* _What is being asked_
Among the entries below, take the line with "intros Hd Hg Hs Hn." and the line with "(forall j t, (j", and output them and every line between them exactly, with nothing else.

Dataset entries
(* Fix $0<d<1$ and let $c(x)=x^d$. For every positive integer $h$ there exists a game with $n=h^2+h$ jobs and cost function $c$, and a Nash equilibrium $s$ of that game, such that $\frac{C(s)}{C(s^* )}=\Omega\!\left(h^{1-d}\right)=\Omega\!\left(n^{(1-d)/2}\right)$, where $s^*$ is an optimal assignment of that game.
   Context: A game is specified by a cost function $c$ (here $c(x)=x^d$, $c(0)=0$), a time horizon $T$ with slots $t=1,\dots,T$, and a set of jobs, each job $j$ having integer release time $r_j$ and integer deadline $d_j$ with $0<r_j<d_j<T$. An assignment $s$ gives each job $j$ a slot $s_j$ with $r_j\le s_j<d_j$. The load of slot $t$ is $l_t(s)=|\{j:s_j=t\}|$ and $C(s)=\sum_{t=1}^T c(l_t(s))$. An assignment $s$ is a Nash equilibrium if for every job $j$ and every slot $t\neq s_j$ with $r_j\le t<d_j$: $\frac{c(l_{s_j}(s))}{l_{s_j}(s)}\le\frac{c(l_t(s)+1)}{l_t(s)+1}$. An optimal assignment is one minimizing $C$ over all assignments. *)

From Stdlib Require Import Reals Lra Lia Arith.
Open Scope R_scope.

(* A game: time horizon T (slots 1..T), njobs jobs indexed 0..njobs-1,
   job j has release time rel j and deadline dl j. *)
Record game := Game { horizon : nat; njobs : nat; rel : nat -> nat; dl : nat -> nat }.

Definition well_formed (g : game) : Prop :=
  forall j, (j < njobs g)%nat ->
    (0 < rel g j)%nat /\ (rel g j < dl g j)%nat /\ (dl g j < horizon g)%nat.

Definition cost (d : R) (k : nat) : R :=
  match k with O => 0 | _ => Rpower (INR k) d end.

Definition assignment := nat -> nat.

Definition valid (g : game) (s : assignment) : Prop :=
  forall j, (j < njobs g)%nat -> (rel g j <= s j)%nat /\ (s j < dl g j)%nat.

Fixpoint count_slot (s : assignment) (t : nat) (n : nat) : nat :=
  match n with
  | O => O
  | S m => (if Nat.eqb (s m) t then 1 else 0) + count_slot s t m
  end%nat.

Definition load (g : game) (s : assignment) (t : nat) : nat :=
  count_slot s t (njobs g).

Fixpoint sum_slots (f : nat -> R) (T : nat) : R :=
  match T with O => 0 | S m => f (S m) + sum_slots f m end.

Definition total_cost (d : R) (g : game) (s : assignment) : R :=
  sum_slots (fun t => cost d (load g s t)) (horizon g).

Definition nash (d : R) (g : game) (s : assignment) : Prop :=
  valid g s /\
  forall j t, (j < njobs g)%nat -> t <> s j ->
    (rel g j <= t)%nat -> (t < dl g j)%nat ->
    cost d (load g s (s j)) / INR (load g s (s j))
      <= cost d (S (load g s t)) / INR (S (load g s t)).

Definition optimal (d : R) (g : game) (s : assignment) : Prop :=
  valid g s /\ forall s', valid g s' -> total_cost d g s <= total_cost d g s'.

From Stdlib Require Import Reals Lra Lia.
Open Scope R_scope.

(* Jobs come in h levels, the 2k jobs of level k being allowed in slots 1..k+1.
   In the equilibrium every job of level k sits in slot k+1, whose load 2k exceeds
   the load of every earlier slot; since the per-job cost x^(d-1) decreases in the
   load x, no job gains by moving.  All loads are at most 2h, so the equilibrium
   costs at least n (2h)^(d-1), whereas putting all n = h^2+h jobs into slot 1
   costs n^d.  The ratio is therefore at least (n/2h)^(1-d) >= (h/2)^(1-d). *)

Lemma sum_slots_ext f g T : (forall t, (1 <= t <= T)%nat -> f t = g t) ->
  sum_slots f T = sum_slots g T.
Proof.
  induction T as [|T IH]; intros Hfg; simpl; [reflexivity|].
  rewrite Hfg, IH; [reflexivity| |]; intros; try apply Hfg; lia.
Qed.

Lemma sum_slots_le f g T : (forall t, (1 <= t <= T)%nat -> f t <= g t) ->
  sum_slots f T <= sum_slots g T.
Proof.
  induction T as [|T IH]; intros Hfg; simpl; [lra|].
  apply Rplus_le_compat; [apply Hfg; lia | apply IH; intros; apply Hfg; lia].
Qed.

Lemma sum_slots_plus f g T :
  sum_slots (fun t => f t + g t) T = sum_slots f T + sum_slots g T.
Proof. induction T as [|T IH]; simpl; [lra | rewrite IH; ring]. Qed.

Lemma sum_slots_scal c f T : sum_slots (fun t => c * f t) T = c * sum_slots f T.
Proof. induction T as [|T IH]; simpl; [ring | rewrite IH; ring]. Qed.

Lemma sum_slots_indicator v T : (1 <= v <= T)%nat ->
  sum_slots (fun t => if Nat.eqb v t then 1 else 0) T = 1.
Proof.
  induction T as [|T IH]; intros Hv; simpl; [lia|].
  destruct (Nat.eqb_spec v (S T)) as [->|Hne].
  - rewrite (sum_slots_ext _ (fun t => 0 * 0)), sum_slots_scal; [ring|].
    intros t Ht; destruct (Nat.eqb_spec (S T) t); [lia | ring].
  - rewrite IH by lia; ring.
Qed.

Lemma count_slot_le s t n : (count_slot s t n <= n)%nat.
Proof. induction n as [|n IH]; simpl; [lia | destruct (Nat.eqb (s n) t); lia]. Qed.

Lemma count_slot_add s t a b :
  count_slot s t (a + b) = (count_slot s t a + count_slot (fun i => s (a + i)) t b)%nat.
Proof.
  induction b as [|b IH]; [rewrite Nat.add_0_r; simpl; lia|].
  rewrite Nat.add_succ_r; simpl; rewrite IH; lia.
Qed.

Lemma count_slot_const s t v n : (forall j, (j < n)%nat -> s j = v) ->
  count_slot s t n = if Nat.eqb v t then n else 0%nat.
Proof.
  induction n as [|n IH]; intros Hs; simpl; [destruct (Nat.eqb v t); reflexivity|].
  rewrite IH by (intros; apply Hs; lia); rewrite Hs by lia.
  destruct (Nat.eqb v t); lia.
Qed.

Lemma sum_slots_count s T n : (forall j, (j < n)%nat -> (1 <= s j <= T)%nat) ->
  sum_slots (fun t => INR (count_slot s t n)) T = INR n.
Proof.
  induction n as [|n IH]; intros Hs.
  - rewrite (sum_slots_ext _ (fun t => 0 * 0)), sum_slots_scal; [simpl; ring | intros; simpl; ring].
  - rewrite (sum_slots_ext _ (fun t => (if Nat.eqb (s n) t then 1 else 0)
                                      + INR (count_slot s t n))).
    + rewrite sum_slots_plus, sum_slots_indicator, IH, S_INR;
        [ring | intros; apply Hs; lia | apply Hs; lia].
    + intros t _; simpl; rewrite plus_INR; destruct (Nat.eqb (s n) t); simpl; ring.
Qed.

Lemma valid_slot_bounds g s j : well_formed g -> valid g s -> (j < njobs g)%nat ->
  (1 <= s j <= horizon g)%nat.
Proof. intros Hg Hs Hj; specialize (Hg j Hj); specialize (Hs j Hj); lia. Qed.

Lemma Rpower_pos x e : 0 < Rpower x e.
Proof. apply exp_pos. Qed.

Lemma Rpower_antitone a b e : e <= 0 -> 0 < a <= b -> Rpower b e <= Rpower a e.
Proof.
  intros He Hab; replace e with (- - e) by ring; rewrite (Rpower_Ropp b (- e)), (Rpower_Ropp a (- e)).
  apply Rinv_le_contravar; [apply Rpower_pos | apply Rle_Rpower_l; lra].
Qed.

Lemma cost_per_job d k : (1 <= k)%nat -> cost d k / INR k = Rpower (INR k) (d - 1).
Proof.
  intros Hk; destruct k as [|k]; [lia|].
  assert (Hpos : 0 < INR (S k)) by (apply lt_0_INR; lia).
  unfold cost, Rminus; rewrite Rpower_plus, Rpower_Ropp, Rpower_1 by exact Hpos.
  reflexivity.
Qed.

Lemma cost_per_job_antitone d k m : d <= 1 -> (1 <= k <= m)%nat ->
  cost d m / INR m <= cost d k / INR k.
Proof.
  intros Hd Hkm; rewrite !cost_per_job by lia.
  apply Rpower_antitone; [lra | split; [apply lt_0_INR | apply le_INR]; lia].
Qed.

Lemma cost_ge_linear d k M : d <= 1 -> (k <= M)%nat ->
  INR k * Rpower (INR M) (d - 1) <= cost d k.
Proof.
  intros Hd HkM; destruct k as [|k]; [simpl; lra|].
  assert (Hpos : 0 < INR (S k)) by (apply lt_0_INR; lia).
  rewrite <- cost_per_job by lia.
  apply Rle_trans with (INR (S k) * (cost d (S k) / INR (S k))).
  - apply Rmult_le_compat_l; [lra | apply cost_per_job_antitone; [exact Hd | lia]].
  - right; field; lra.
Qed.

Lemma total_cost_ge d g s M : d <= 1 -> well_formed g -> valid g s ->
  (forall t, (load g s t <= M)%nat) ->
  INR (njobs g) * Rpower (INR M) (d - 1) <= total_cost d g s.
Proof.
  intros Hd Hg Hs HM; unfold total_cost.
  rewrite <- (sum_slots_count s (horizon g) (njobs g))
    by (intros; apply valid_slot_bounds; assumption).
  rewrite Rmult_comm, <- sum_slots_scal.
  apply sum_slots_le; intros t _; rewrite Rmult_comm; apply cost_ge_linear; auto.
Qed.

Lemma total_cost_pos d g s : d <= 1 -> well_formed g -> valid g s -> (0 < njobs g)%nat ->
  0 < total_cost d g s.
Proof.
  intros Hd Hg Hs Hn.
  apply Rlt_le_trans with (2 := total_cost_ge d g s (njobs g) Hd Hg Hs (fun t => count_slot_le s t _)).
  apply Rmult_lt_0_compat; [apply lt_0_INR; exact Hn | apply Rpower_pos].
Qed.

Lemma total_cost_single_slot d g s t0 : (1 <= t0 <= horizon g)%nat ->
  (forall j, (j < njobs g)%nat -> s j = t0) -> total_cost d g s = cost d (njobs g).
Proof.
  intros Ht0 Hs; unfold total_cost, load.
  rewrite (sum_slots_ext _ (fun t => cost d (njobs g) * (if Nat.eqb t0 t then 1 else 0))).
  - rewrite sum_slots_scal, sum_slots_indicator by exact Ht0; ring.
  - intros t _; rewrite (count_slot_const s t t0) by exact Hs.
    destruct (Nat.eqb t0 t); simpl; ring.
Qed.

Lemma nash_of_increasing_loads d g s : d <= 1 -> valid g s ->
  (forall j t, (j < njobs g)%nat -> t <> s j -> (rel g j <= t)%nat -> (t < dl g j)%nat ->
     (load g s t < load g s (s j))%nat) ->
  nash d g s.
Proof.
  intros Hd Hs Hlt; split; [exact Hs|].
  intros j t Hj Ht Hr Hdl; apply cost_per_job_antitone; [exact Hd|].
  specialize (Hlt j t Hj Ht Hr Hdl); lia.
Qed.

Lemma poa_lower_bound d n M Cs Copt : 0 < n -> 0 < M ->
  n * Rpower M (d - 1) <= Cs -> 0 < Copt <= Rpower n d ->
  Rpower (n / M) (1 - d) <= Cs / Copt.
Proof.
  intros Hn HM HCs HCopt.
  assert (Hsplit : Rpower (n / M) (1 - d) = n * Rpower M (d - 1) / Rpower n d).
  { unfold Rpower, Rdiv; rewrite ln_mult, ln_Rinv by (auto; apply Rinv_0_lt_compat; auto).
    rewrite <- (exp_ln n) at 2 by exact Hn.
    rewrite <- exp_Ropp, <- !exp_plus; f_equal; ring. }
  rewrite Hsplit; unfold Rdiv.
  apply Rle_trans with (Cs * / Rpower n d).
  - apply Rmult_le_compat_r; [left; apply Rinv_0_lt_compat, Rpower_pos | exact HCs].
  - apply Rmult_le_compat_l; [| apply Rinv_le_contravar; lra].
    apply Rle_trans with (2 := HCs); left; apply Rmult_lt_0_compat; [exact Hn | apply Rpower_pos].
Qed.

(* Jobs are numbered block by block: indices k(k-1) .. k(k+1)-1 are the 2k jobs of level k. *)
Fixpoint level (j : nat) : nat :=
  match j with
  | O => 1
  | S i => if Nat.eqb (S i) (level i * S (level i)) then S (level i) else level i
  end.

Lemma level_spec j : (1 <= level j /\ level j * (level j - 1) <= j < level j * S (level j))%nat.
Proof.
  induction j as [|i IH]; [simpl; lia|]; cbn [level].
  destruct (Nat.eqb_spec (S i) (level i * S (level i))); nia.
Qed.

Lemma level_unique j k : (k * (k - 1) <= j < k * S k)%nat -> level j = k.
Proof.
  intros Hk; destruct (level_spec j) as (H1 & H2 & H3).
  destruct (Nat.lt_total (level j) k) as [Hlt | [Heq | Hgt]]; [| exact Heq |].
  - assert (level j * S (level j) <= (k - 1) * k)%nat by (apply Nat.mul_le_mono; lia); nia.
  - assert (S k * k <= level j * (level j - 1))%nat by (apply Nat.mul_le_mono; lia); nia.
Qed.

Definition tri_game (h : nat) : game :=
  Game (h + 3) (h * h + h) (fun _ => 1%nat) (fun j => (level j + 2)%nat).

Definition tri_eq : assignment := fun j => S (level j).

Lemma count_tri_eq k t : count_slot tri_eq t (k * S k) =
  if andb (Nat.leb 2 t) (Nat.leb t (S k)) then (2 * (t - 1))%nat else 0%nat.
Proof.
  induction k as [|k IH]; [destruct t as [|[|t]]; reflexivity|].
  replace (S k * S (S k))%nat with (k * S k + 2 * S k)%nat by nia.
  rewrite count_slot_add, IH, (count_slot_const _ t (S (S k))).
  2: { intros i Hi; unfold tri_eq; f_equal; apply level_unique; nia. }
  destruct (Nat.leb_spec 2 t), (Nat.leb_spec t (S k)), (Nat.leb_spec t (S (S k))),
    (Nat.eqb_spec (S (S k)) t); simpl; lia.
Qed.

Lemma level_le j h : (j < h * S h)%nat -> (level j <= h)%nat.
Proof.
  intros Hj; destruct (level_spec j) as (H1 & H2 & H3).
  destruct (Nat.le_gt_cases (level j) h) as [Hle | Hgt]; [exact Hle|].
  assert (S h * h <= level j * (level j - 1))%nat by (apply Nat.mul_le_mono; lia); nia.
Qed.

Lemma tri_load h t : load (tri_game h) tri_eq t =
  if andb (Nat.leb 2 t) (Nat.leb t (S h)) then (2 * (t - 1))%nat else 0%nat.
Proof.
  unfold load; cbn [tri_game njobs].
  replace (h * h + h)%nat with (h * S h)%nat by lia; apply count_tri_eq.
Qed.

Lemma tri_load_bound h t : (load (tri_game h) tri_eq t <= 2 * Nat.min (t - 1) h)%nat.
Proof.
  rewrite tri_load; destruct (Nat.leb_spec 2 t), (Nat.leb_spec t (S h)); simpl; lia.
Qed.

Lemma tri_level_le h j : (j < njobs (tri_game h))%nat -> (1 <= level j <= h)%nat.
Proof.
  cbn [tri_game njobs]; intros Hj; split; [apply level_spec | apply level_le; lia].
Qed.

Lemma tri_load_level h j : (j < njobs (tri_game h))%nat ->
  load (tri_game h) tri_eq (tri_eq j) = (2 * level j)%nat.
Proof.
  intros Hj; pose proof (tri_level_le h j Hj); rewrite tri_load; unfold tri_eq.
  destruct (Nat.leb_spec 2 (S (level j))), (Nat.leb_spec (S (level j)) (S h)); simpl; lia.
Qed.

Lemma tri_well_formed h : well_formed (tri_game h).
Proof. intros j Hj; pose proof (tri_level_le h j Hj); cbn [tri_game rel dl horizon]; lia. Qed.

Lemma tri_eq_valid h : valid (tri_game h) tri_eq.
Proof. intros j Hj; cbn [tri_game rel dl]; unfold tri_eq; lia. Qed.

Lemma tri_eq_nash d h : d <= 1 -> nash d (tri_game h) tri_eq.
Proof.
  intros Hd; apply nash_of_increasing_loads; [exact Hd | apply tri_eq_valid|].
  intros j t Hj Ht _ Hdl; cbn [tri_game dl] in Hdl; unfold tri_eq in Ht.
  rewrite tri_load_level by exact Hj.
  pose proof (tri_level_le h j Hj); pose proof (tri_load_bound h t); lia.
Qed.

Lemma tri_eq_cost_ge d h : d <= 1 ->
  INR (h * h + h) * Rpower (INR (2 * h)) (d - 1) <= total_cost d (tri_game h) tri_eq.
Proof.
  intros Hd; apply (total_cost_ge d (tri_game h) tri_eq (2 * h) Hd).
  - apply tri_well_formed.
  - apply tri_eq_valid.
  - intros t; pose proof (tri_load_bound h t); lia.
Qed.

Lemma tri_opt_cost_le d h s : (1 <= h)%nat -> optimal d (tri_game h) s ->
  total_cost d (tri_game h) s <= Rpower (INR (h * h + h)) d.
Proof.
  intros Hh [_ Hopt].
  assert (Hfirst : valid (tri_game h) (fun _ => 1%nat)).
  { intros j Hj; pose proof (tri_level_le h j Hj); cbn [tri_game rel dl]; lia. }
  eapply Rle_trans; [apply (Hopt _ Hfirst)|].
  rewrite (total_cost_single_slot d _ _ 1); [| cbn [tri_game horizon]; lia | reflexivity].
  cbn [tri_game njobs]; destruct (h * h + h)%nat eqn:En; [lia | apply Rle_refl].
Qed.

Theorem lemma2 (d : R) (Hd : 0 < d < 1) :
  exists K : R, 0 < K /\
    forall h : nat, (1 <= h)%nat ->
      exists (g : game) (s : assignment),
        well_formed g /\ njobs g = (h * h + h)%nat /\ nash d g s /\
        forall s' : assignment, optimal d g s' ->
          total_cost d g s / total_cost d g s' >= K * Rpower (INR h) (1 - d).
Proof.
  exists (Rpower (/ 2) (1 - d)); split; [apply Rpower_pos|].
  intros h Hh; exists (tri_game h), tri_eq.
  split; [apply tri_well_formed|]; split; [reflexivity|]; split; [apply tri_eq_nash; lra|].
  intros s' Hopt; apply Rle_ge.
  assert (Hh0 : 0 < INR h) by (apply lt_0_INR; lia).
  assert (Hn : INR (h * h + h) / INR (2 * h) = (INR h + 1) / 2).
  { rewrite plus_INR, !mult_INR; replace (INR 2) with 2 by (simpl; ring); field; lra. }
  rewrite Rpower_mult_distr by lra.
  apply Rle_trans with (Rpower (INR (h * h + h) / INR (2 * h)) (1 - d)).
  - rewrite Hn; apply Rle_Rpower_l; lra.
  - apply poa_lower_bound.
    + apply lt_0_INR; nia.
    + apply lt_0_INR; lia.
    + apply tri_eq_cost_ge; lra.
    + split; [| apply tri_opt_cost_le; assumption].
      apply total_cost_pos; [lra | apply tri_well_formed | apply Hopt | cbn; nia].
Qed.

* _Your response_
  intros Hd Hg Hs Hn.
  apply Rlt_le_trans with (2 := total_cost_ge d g s (njobs g) Hd Hg Hs (fun t => count_slot_le s t _)).
  apply Rmult_lt_0_compat; [apply lt_0_INR; exact Hn | apply Rpower_pos].
Qed.

Lemma total_cost_single_slot d g s t0 : (1 <= t0 <= horizon g)%nat ->
  (forall j, (j < njobs g)%nat -> s j = t0) -> total_cost d g s = cost d (njobs g).
Proof.
  intros Ht0 Hs; unfold total_cost, load.
  rewrite (sum_slots_ext _ (fun t => cost d (njobs g) * (if Nat.eqb t0 t then 1 else 0))).
  - rewrite sum_slots_scal, sum_slots_indicator by exact Ht0; ring.
  - intros t _; rewrite (count_slot_const s t t0) by exact Hs.
    destruct (Nat.eqb t0 t); simpl; ring.
Qed.

Lemma nash_of_increasing_loads d g s : d <= 1 -> valid g s ->
  (forall j t, (j < njobs g)%nat -> t <> s j -> (rel g j <= t)%nat -> (t < dl g j)%nat ->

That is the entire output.